Issue 47 Foreword

Suzanne McConnell

Body Politic

We inhabit singular bodies, yet we are communal. It’s no mistake that the term “body politic”—designating the people of a nation or society—incorporates the word “body,” as if collectively one organism. Its medieval Latin form implied the mystical body of the commonwealth. Sociology defines it as society’s practices and policies regulating the human body. For this issue of BLR, we asked for writing addressing the interface of any body politic—societal, ideological, or national—with the personal.

But literature does not lecture. It renders our unique lives, subject to circumstances, and casts them up for us to reflect. In “Departures,” Kristi Ferguson compares the very air of her native Brazil to that of her current American home. In “Rocket Dog” by Lori Huth, an American teenager and her Armenian mother’s cultural tensions are revealed through how, and with what, they nourish their bodies. Alison Luk’s surrealist flash fiction, “Rewilding,” portrays a woman viewing herself as if inhabited by a series of animals.

Bodies have their own wisdom. But can we always trust them? “I wanted to birth you at home, with a crunchy Chicana doula,” Stefani Echevarría-Fenn, the author of “Recompense” declares. Facing the reality of her threatened newborn, she must surrender her “impeccable politics.”

In Lisa Mullenneaux’s poem “Catching Pregnancy,” she looks back on her ninth-grade classmates’ fears of a pregnant student. Through poet Fiona Miller, in “poem from my uterus,” that organ rages: “i’ve kept you arrogant assholes alive / for two million fucking years and what now?”

Men’s bodies have usually been the ones subject to direct warfare and occupational danger. In Vera Kroms’s poem, “Ellis Island, 1951,” she writes “On the island / where we landed, radiation / lit my father up, illuminated / hidden damage.” In Daniel Seifert’s heartbreaking story “Vultur Gryphus,” a seventeen-year-old Bolivian works underground in a silver mine, as his father before him, where exploding silica dust “cripples the lungs.” Paul Howe’s poem “Snow” describes it “falling on the helmets and into the eyes / of soldiers…” momentarily laying “a white sheet over / the disfigured body of this conflict.”

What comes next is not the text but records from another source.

Context {V : Type} (V_eq_dec : forall u w : V, {u = w} + {u <> w}).

Definition upd (x : V -> R) (w : V) (y : R) : V -> R :=
  fun u => if V_eq_dec u w then y else x u.

Lemma upd_same x w : upd x w (x w) = x.
Proof.
  apply functional_extensionality; intros u; unfold upd.
  destruct (V_eq_dec u w); congruence.
Qed.

(* Affine in each coordinate separately, with a slope independent of the
   other coordinates; for functionals depending on finitely many
   coordinates this is exactly affinity. *)
Definition coord_affine (g : (V -> R) -> R) : Prop :=
  forall w, exists c, forall x y, g (upd x w y) = g (upd x w 0) + c * y.

Definition coef (g : (V -> R) -> R) (w : V) : R :=
  g (upd (fun _ => 0) w 1) - g (upd (fun _ => 0) w 0).

Lemma coord_affine_coef g w : coord_affine g ->
  forall x y, g (upd x w y) = g (upd x w 0) + coef g w * y.
Proof.
  intros Hg. destruct (Hg w) as [c Hc].
  replace (coef g w) with c by (unfold coef; rewrite (Hc _ 1); ring).
  exact Hc.
Qed.

Lemma coord_affine_split g w x : coord_affine g ->
  g x = g (upd x w 0) + coef g w * x w.
Proof.
  intros Hg. rewrite <- (coord_affine_coef g w Hg), upd_same. reflexivity.
Qed.

Lemma coord_affine_const c : coord_affine (fun _ => c).
Proof. intros w; exists 0; intros; ring. Qed.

Bodies move. “My mother’s Raleighs were nasty, but as a teenager I snuck two cigarettes from each pack anyway,” Maureen Brady says in “Raleigh Bonuses.” Randy DeVita’s story, “The Window Does Not Open,” concludes with a daring, spontaneous, physical act, cracking wide a figurative window in the protagonist’s life. In Diane Oliver’s posthumously published “The Corner,” she recounts being one of twenty-three Black girls attending the newly integrated University of North Carolina at Greensboro in 1962, picketing against segregated businesses on campus.

The body itself is mysterious. In “You Imagine Death,” Justine Payton is “paralyzed by the awareness” that she’d have to navigate a “dark secret alone.” Subsequently actually paralyzed by Guillain-Barré Syndrome, her deliverance begins when she senses an identity apart from her physical being.

What about our collective body politic, then? We are fractious, split. But are we more than that? Our history tells us that we have been there before and something in our essence is bent on surviving.

I am grateful that the writing of my Iowa Workshop classmate, Diane Oliver, is within these pages—testament to one such divisive, violent era. She tragically died two years after writing this essay, but I think she would be gratified to know that their country nominated a Black woman of mixed race as a presidential candidate. Our bodies continue to intersect the world around us, in ways that can be terrifying but occasionally inspiring. May our body politic thrive. May we make peace.